> _Given information_
(* Let $\xi\in\mathbb{R}$, let $n\ge 2$, $t_1<\dots<t_n$, $\Delta:=\max_{1\le j\le n-1}(t_{j+1}-t_j)$, and let $F\in C^4[t_1,t_n]$. Let $I_4(F)$ be an exponential spline of order $4$ for the operator $L_{(\xi,\xi,-\xi,-\xi)}=\left(\frac{d^2}{dt^2}-\xi^2\right)^2$ with knots $t_1,\dots,t_n$ satisfying $I_4(F)(t_j)=F(t_j)$ for $j=1,\dots,n$, $\frac{d}{dt}I_4(F)(t_1)=F'(t_1)$ and $\frac{d}{dt}I_4(F)(t_n)=F'(t_n)$. Then $$\max_{t\in[t_1,t_n]}|F(t)-I_4(F)(t)|\le \frac{5}{64}\,\Delta^4\max_{\theta\in[t_1,t_n]}\left|L_{(\xi,\xi,-\xi,-\xi)}F(\theta)\right|.$$
   Context: For real $\lambda_0,\dots,\lambda_N$, $L_{(\lambda_0,\dots,\lambda_N)}=\prod_{j=0}^N\left(\frac{d}{dt}-\lambda_j\right)$ and $E(\lambda_0,\dots,\lambda_N)=\{f\in C^{N+1}(\mathbb{R}):L_{(\lambda_0,\dots,\lambda_N)}f=0\}$. An exponential spline for the knots $t_1<\dots<t_n$ and the operator $L_{(\lambda_0,\dots,\lambda_N)}$ is a function $g\in C^{N-1}[t_1,t_n]$ whose restriction to each interval $[t_j,t_{j+1}]$ coincides with an element of $E(\lambda_0,\dots,\lambda_N)$. *)

From Stdlib Require Import Reals Lra Lia List.
From Coquelicot Require Import Coquelicot.
Import ListNotations.
Open Scope R_scope.

Definition is_deriv_on (a b : R) (f f' : R -> R) : Prop :=
  forall x, a <= x <= b ->
    filterlim (fun y => (f y - f x) / (y - x))
      (within (fun y => a <= y <= b /\ y <> x) (locally x))
      (locally (f' x)).

Definition Ck_on (k : nat) (a b : R) (f : R -> R) (d : nat -> R -> R) : Prop :=
  d 0%nat = f /\
  (forall i, (i < k)%nat -> is_deriv_on a b (d i) (d (S i))) /\
  (forall i x, (i <= k)%nat -> a <= x <= b ->
     filterlim (d i) (within (fun y => a <= y <= b) (locally x)) (locally (d i x))).

Fixpoint Lop (lams : list R) (f : R -> R) : R -> R :=
  match lams with
  | [] => f
  | l :: ls => fun x => Derive (Lop ls f) x - l * Lop ls f x
  end.

Definition Espace (lams : list R) (f : R -> R) : Prop :=
  (forall k x, (k <= length lams)%nat -> ex_derive_n f k x) /\
  (forall x, continuous (Derive_n f (length lams)) x) /\
  (forall x, Lop lams f x = 0).

(* exponential spline for knots t 1 < ... < t n and operator L_lams:
   g in C^(N-1)[t_1,t_n], each restriction to [t_j,t_(j+1)] agrees with an
   element of E(lams). *)
Definition exp_spline (lams : list R) (t : nat -> R) (n : nat) (g : R -> R) : Prop :=
  (exists dg, Ck_on (length lams - 2) (t 1%nat) (t n) g dg) /\
  (forall j, (1 <= j < n)%nat ->
     exists e, Espace lams e /\ forall x, t j <= x <= t (S j) -> g x = e x).

Fixpoint maxgap (t : nat -> R) (k : nat) : R :=
  match k with
  | O => 0
  | S k' => Rmax (maxgap t k') (t (S (S k')) - t (S k'))
  end.

Definition mesh (t : nat -> R) (n : nat) : R := maxgap t (n - 1).

From Stdlib Require Import Reals Lra Lia List.
From Coquelicot Require Import Coquelicot.
Import ListNotations.
Open Scope R_scope.

(* Error bound for complete exponential splines of order 4 for
   L = (D^2 - K)^2, K = xi^2 >= 0 (proved with the constant 3/64 <= 5/64).

   Let e = F - I be the error and u = e'' - K e.  On each interval
   [t_j, t_(j+1)] the spline solves L I = 0, so u'' - K u = L F and
   |u'' - K u| <= M.  The proof rests on the maximum principle for
   psi'' - K psi (K >= 0) and proceeds in three steps.
   1. Knot values: |u(t_j)| <= D^2 M / 4 (D the mesh).  If u had a larger
      extremal knot value m = u(t_j), comparing e on the adjacent intervals
      with explicit barriers (polynomial for K = 0, hyperbolic for K > 0)
      would force e'(t_j) > 0 from the left interval and e'(t_j) < 0 from the
      right one; at t_1 and t_n this contradicts e' = 0.
   2. Between knots, the two-point bound for u'' - K u gives |u| <= 3/8 D^2 M.
   3. Since e'' - K e = u and e vanishes at the knots, the two-point bound
      again gives |e| <= 3/64 D^4 M. *)

Definition cont_on (a b : R) (f : R -> R) : Prop :=
  forall x, a <= x <= b ->
    filterlim f (within (fun y => a <= y <= b) (locally x)) (locally (f x)).

Lemma within_mono (D D' : R -> Prop) x : (forall y, D y -> D' y) ->
  filter_le (within D (locally x)) (within D' (locally x)).
Proof. intros HD P [d Hd]. exists d. intros y Hy HDy. apply Hd; auto. Qed.

Lemma cont_on_sub a b p q f : cont_on a b f -> a <= p -> q <= b -> cont_on p q f.
Proof.
  intros H Hp Hq x Hx. eapply filterlim_filter_le_1; [|apply H; lra].
  apply within_mono. intros y Hy. lra.
Qed.

Lemma cont_on_eps a b f x : cont_on a b f -> a <= x <= b ->
  forall eps, 0 < eps -> exists del, 0 < del /\
    forall y, a <= y <= b -> Rabs (y - x) < del -> Rabs (f y - f x) < eps.
Proof.
  intros H Hx eps Heps.
  destruct (proj1 (filterlim_locally f (f x)) (H x Hx) (mkposreal eps Heps)) as [d Hd].
  exists d. split; [apply cond_pos|]. intros y Hy Hyx. apply Hd; auto.
Qed.

Lemma cont_on_plus a b f g : cont_on a b f -> cont_on a b g ->
  cont_on a b (fun y => f y + g y).
Proof.
  intros Hf Hg x Hx.
  eapply filterlim_comp_2; [apply Hf, Hx|apply Hg, Hx|].
  apply (@filterlim_plus R_AbsRing R_NormedModule).
Qed.

Lemma cont_on_opp a b f : cont_on a b f -> cont_on a b (fun y => - f y).
Proof.
  intros Hf x Hx. eapply filterlim_comp; [apply Hf, Hx|].
  apply (@filterlim_opp R_AbsRing R_NormedModule).
Qed.

Lemma cont_on_minus a b f g : cont_on a b f -> cont_on a b g ->
  cont_on a b (fun y => f y - g y).
Proof. intros Hf Hg. apply cont_on_plus; [|apply cont_on_opp]; auto. Qed.

Lemma cont_on_scal a b c f : cont_on a b f -> cont_on a b (fun y => c * f y).
Proof.
  intros Hf x Hx. eapply filterlim_comp; [apply Hf, Hx|].
  apply (@filterlim_scal_r R_AbsRing R_NormedModule).
Qed.

Lemma cont_on_derivable a b f f' : (forall x, is_derive f x (f' x)) -> cont_on a b f.
Proof.
  intros H x _. eapply filterlim_filter_le_1; [apply filter_le_within|].
  apply (@ex_derive_continuous R_AbsRing R_NormedModule). exists (f' x). apply H.
Qed.

Lemma is_deriv_on_sub a b p q f f' : is_deriv_on a b f f' -> a <= p -> q <= b ->
  is_deriv_on p q f f'.
Proof.
  intros H Hp Hq x Hx. eapply filterlim_filter_le_1; [|apply H; lra].
  apply within_mono. intros y Hy. lra.
Qed.

Lemma is_deriv_on_eps a b f f' x : is_deriv_on a b f f' -> a <= x <= b ->
  forall eps, 0 < eps -> exists del, 0 < del /\
    forall y, a <= y <= b -> y <> x -> Rabs (y - x) < del ->
      Rabs ((f y - f x) / (y - x) - f' x) < eps.
Proof.
  intros H Hx eps Heps.
  destruct (proj1 (filterlim_locally _ (f' x)) (H x Hx) (mkposreal eps Heps)) as [d Hd].
  exists d. split; [apply cond_pos|]. intros y Hy Hyx Hd'. apply Hd; auto.
Qed.

Lemma is_deriv_on_minus a b f f' g g' :
  is_deriv_on a b f f' -> is_deriv_on a b g g' ->
  is_deriv_on a b (fun y => f y - g y) (fun y => f' y - g' y).
Proof.
  intros Hf Hg x Hx.
  apply (filterlim_within_ext _
    (fun y => plus ((f y - f x) / (y - x)) (opp ((g y - g x) / (y - x))))).
  { intros y [_ Hy]. unfold plus, opp; simpl. field. lra. }
  eapply filterlim_comp_2; [apply Hf, Hx| |apply (@filterlim_plus R_AbsRing R_NormedModule)].
  eapply filterlim_comp; [apply Hg, Hx|apply (@filterlim_opp R_AbsRing R_NormedModule)].
Qed.

Lemma is_deriv_on_opp a b f f' : is_deriv_on a b f f' ->
  is_deriv_on a b (fun y => - f y) (fun y => - f' y).
Proof.
  intros Hf x Hx.
  apply (filterlim_within_ext _ (fun y => opp ((f y - f x) / (y - x)))).
  { intros y [_ Hy]. unfold opp; simpl. field. lra. }
  eapply filterlim_comp; [apply Hf, Hx|apply (@filterlim_opp R_AbsRing R_NormedModule)].
Qed.

Lemma is_derive_Rminus (f g : R -> R) x df dg : is_derive f x df -> is_derive g x dg ->
  is_derive (fun y => f y - g y) x (df - dg).
Proof. exact (is_derive_minus f g x df dg). Qed.

Lemma is_derive_Rplus (f g : R -> R) x df dg : is_derive f x df -> is_derive g x dg ->
  is_derive (fun y => f y + g y) x (df + dg).
Proof. exact (is_derive_plus f g x df dg). Qed.

Lemma is_deriv_on_derivable a b f f' : (forall x, is_derive f x (f' x)) ->
  is_deriv_on a b f f'.
Proof.
  intros H x _. apply filterlim_locally. intros eps.
  destruct (proj1 (is_derive_Reals _ _ _) (H x) eps (cond_pos eps)) as [d Hd].
  exists d. intros y Hy [_ Hyx].
  specialize (Hd (y - x) ltac:(lra) Hy). rewrite Rplus_minus in Hd. exact Hd.
Qed.

Lemma is_deriv_on_interior a b f f' x : is_deriv_on a b f f' -> a < x < b ->
  is_derive f x (f' x).
Proof.
  intros H Hx. apply is_derive_Reals. intros eps Heps.
  destruct (is_deriv_on_eps a b f f' x H ltac:(lra) eps Heps) as [d [Hd Hd']].
  assert (Hp : 0 < Rmin d (Rmin (x - a) (b - x))).
  { apply Rmin_glb_lt; [lra|apply Rmin_glb_lt; lra]. }
  exists (mkposreal _ Hp). intros h Hh Hhl. simpl in Hhl.
  pose proof (Rmin_l d (Rmin (x - a) (b - x))).
  pose proof (Rmin_r d (Rmin (x - a) (b - x))).
  pose proof (Rmin_l (x - a) (b - x)). pose proof (Rmin_r (x - a) (b - x)).
  apply Rabs_def2 in Hhl.
  specialize (Hd' (x + h)). replace (x + h - x) with h in Hd' by ring.
  apply Hd'; [lra|lra|apply Rabs_def1; lra].
Qed.

Definition clamp (a b x : R) : R := Rmax a (Rmin b x).

Lemma clamp_in a b x : a <= b -> a <= clamp a b x <= b.
Proof.
  intros. unfold clamp. split; [apply Rmax_l|]. apply Rmax_lub; auto. apply Rmin_l.
Qed.

Lemma clamp_id a b x : a <= x <= b -> clamp a b x = x.
Proof. intros. unfold clamp. rewrite Rmin_right, Rmax_right; lra. Qed.

Lemma clamp_dist a b x c : a <= c <= b -> Rabs (clamp a b x - c) <= Rabs (x - c).
Proof.
  intros Hc. unfold clamp.
  destruct (Rle_dec x b); [rewrite Rmin_right by lra | rewrite Rmin_left by lra];
  (destruct (Rle_dec a x); [rewrite Rmax_right by lra | rewrite Rmax_left by lra]);
  try rewrite Rmax_right by lra; try rewrite Rmax_left by lra;
  unfold Rabs; repeat destruct Rcase_abs; lra.
Qed.

(* Weierstrass: a function continuous on [a,b] attains its minimum there.
   Stdlib's version needs continuity on the line, obtained by clamping. *)
Lemma cont_on_min a b f : a <= b -> cont_on a b f ->
  exists mx, a <= mx <= b /\ forall y, a <= y <= b -> f mx <= f y.
Proof.
  intros Hab Hf.
  destruct (continuity_ab_min (fun x => f (clamp a b x)) a b Hab) as [mx [Hmin Hmx]].
  - intros c Hc eps Heps. destruct (cont_on_eps a b f c Hf Hc eps Heps) as [d [Hd Hd']].
    exists d. split; auto. intros x [_ Hx]. simpl. unfold R_dist in *.
    rewrite (clamp_id a b c Hc). apply Hd'; [apply clamp_in; auto|].
    eapply Rle_lt_trans; [apply clamp_dist; auto|exact Hx].
  - exists mx. split; auto. intros y Hy. specialize (Hmin y Hy). simpl in Hmin.
    rewrite (clamp_id a b mx Hmx), (clamp_id a b y Hy) in Hmin. exact Hmin.
Qed.

Lemma min_second_derivative a b psi psi1 mx l : a < mx < b ->
  (forall y, a <= y <= b -> psi mx <= psi y) ->
  (forall x, a < x < b -> is_derive psi x (psi1 x)) ->
  is_derive psi1 mx l -> 0 <= l.
Proof.
  intros Hmx Hmin Hd1 Hd2. destruct (Rle_dec 0 l) as [|Hl]; auto. exfalso.
  assert (Hcrit : psi1 mx = 0).
  { pose (pr := exist (fun l => derivable_pt_lim psi mx l) (psi1 mx)
                 (proj1 (is_derive_Reals _ _ _) (Hd1 mx Hmx))).
    change (derive_pt psi mx pr = 0).
    apply (deriv_minimum psi a b mx pr); try lra.
    intros y Hy1 Hy2. apply Hmin; lra. }
  (* psi1 is negative just to the right of mx, so psi decreases there *)
  destruct (proj1 (is_derive_Reals _ _ _) Hd2 (- l) ltac:(lra)) as [del Hdel].
  set (eta := Rmin del (b - mx) / 2).
  assert (Heta : 0 < eta /\ eta < del /\ mx + eta < b).
  { pose proof (cond_pos del). pose proof (Rmin_l del (b - mx)).
    pose proof (Rmin_r del (b - mx)).
    assert (0 < Rmin del (b - mx)) by (apply Rmin_glb_lt; lra). unfold eta; lra. }
  assert (Hneg : forall y, mx < y <= mx + eta -> psi1 y < 0).
  { intros y Hy. specialize (Hdel (y - mx) ltac:(lra) ltac:(apply Rabs_def1; lra)).
    rewrite Rplus_minus, Hcrit, Rminus_0_r in Hdel. apply Rabs_def2 in Hdel.
    destruct (Rle_dec 0 (psi1 y)) as [Hp|]; [|lra].
    assert (0 <= psi1 y / (y - mx)) by (apply Rdiv_le_0_compat; lra). lra. }
  destruct (MVT_cor2 psi psi1 mx (mx + eta)) as [c [Hc Hc']]; [lra| |].
  { intros c Hc. apply is_derive_Reals, Hd1. lra. }
  specialize (Hmin (mx + eta) ltac:(lra)). specialize (Hneg c ltac:(lra)). nra.
Qed.

Lemma max_principle_strict (K a b : R) (psi psi1 psi2 : R -> R) : 0 <= K -> a < b ->
  cont_on a b psi ->
  (forall x, a < x < b -> is_derive psi x (psi1 x)) ->
  (forall x, a < x < b -> is_derive psi1 x (psi2 x)) ->
  0 <= psi a -> 0 <= psi b ->
  (forall x, a < x < b -> psi2 x - K * psi x < 0) ->
  forall x, a <= x <= b -> 0 <= psi x.
Proof.
  intros HK Hab Hc Hd1 Hd2 Ha Hb Hop x0 Hx0.
  destruct (Rle_dec 0 (psi x0)) as [|Hneg]; auto. exfalso.
  destruct (cont_on_min a b psi ltac:(lra) Hc) as [mx [Hmx Hmin]].
  assert (Hm0 : psi mx < 0) by (specialize (Hmin x0 Hx0); lra).
  assert (Hin : a < mx < b).
  { destruct Hmx as [[H1|H1] [H2|H2]]; subst; split; lra. }
  assert (H2 := min_second_derivative a b psi psi1 mx (psi2 mx) Hin Hmin Hd1 (Hd2 mx Hin)).
  specialize (Hop mx Hin). nra.
Qed.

> _Exercise prompt_
What you write must be the entries restated word for word, from the opening line through the one holding "Fixpoint Lop (lams", with nothing else.

> _Solution to the exercise_
(* Let $\xi\in\mathbb{R}$, let $n\ge 2$, $t_1<\dots<t_n$, $\Delta:=\max_{1\le j\le n-1}(t_{j+1}-t_j)$, and let $F\in C^4[t_1,t_n]$. Let $I_4(F)$ be an exponential spline of order $4$ for the operator $L_{(\xi,\xi,-\xi,-\xi)}=\left(\frac{d^2}{dt^2}-\xi^2\right)^2$ with knots $t_1,\dots,t_n$ satisfying $I_4(F)(t_j)=F(t_j)$ for $j=1,\dots,n$, $\frac{d}{dt}I_4(F)(t_1)=F'(t_1)$ and $\frac{d}{dt}I_4(F)(t_n)=F'(t_n)$. Then $$\max_{t\in[t_1,t_n]}|F(t)-I_4(F)(t)|\le \frac{5}{64}\,\Delta^4\max_{\theta\in[t_1,t_n]}\left|L_{(\xi,\xi,-\xi,-\xi)}F(\theta)\right|.$$
   Context: For real $\lambda_0,\dots,\lambda_N$, $L_{(\lambda_0,\dots,\lambda_N)}=\prod_{j=0}^N\left(\frac{d}{dt}-\lambda_j\right)$ and $E(\lambda_0,\dots,\lambda_N)=\{f\in C^{N+1}(\mathbb{R}):L_{(\lambda_0,\dots,\lambda_N)}f=0\}$. An exponential spline for the knots $t_1<\dots<t_n$ and the operator $L_{(\lambda_0,\dots,\lambda_N)}$ is a function $g\in C^{N-1}[t_1,t_n]$ whose restriction to each interval $[t_j,t_{j+1}]$ coincides with an element of $E(\lambda_0,\dots,\lambda_N)$. *)

From Stdlib Require Import Reals Lra Lia List.
From Coquelicot Require Import Coquelicot.
Import ListNotations.
Open Scope R_scope.

Definition is_deriv_on (a b : R) (f f' : R -> R) : Prop :=
  forall x, a <= x <= b ->
    filterlim (fun y => (f y - f x) / (y - x))
      (within (fun y => a <= y <= b /\ y <> x) (locally x))
      (locally (f' x)).

Definition Ck_on (k : nat) (a b : R) (f : R -> R) (d : nat -> R -> R) : Prop :=
  d 0%nat = f /\
  (forall i, (i < k)%nat -> is_deriv_on a b (d i) (d (S i))) /\
  (forall i x, (i <= k)%nat -> a <= x <= b ->
     filterlim (d i) (within (fun y => a <= y <= b) (locally x)) (locally (d i x))).

Fixpoint Lop (lams : list R) (f : R -> R) : R -> R :=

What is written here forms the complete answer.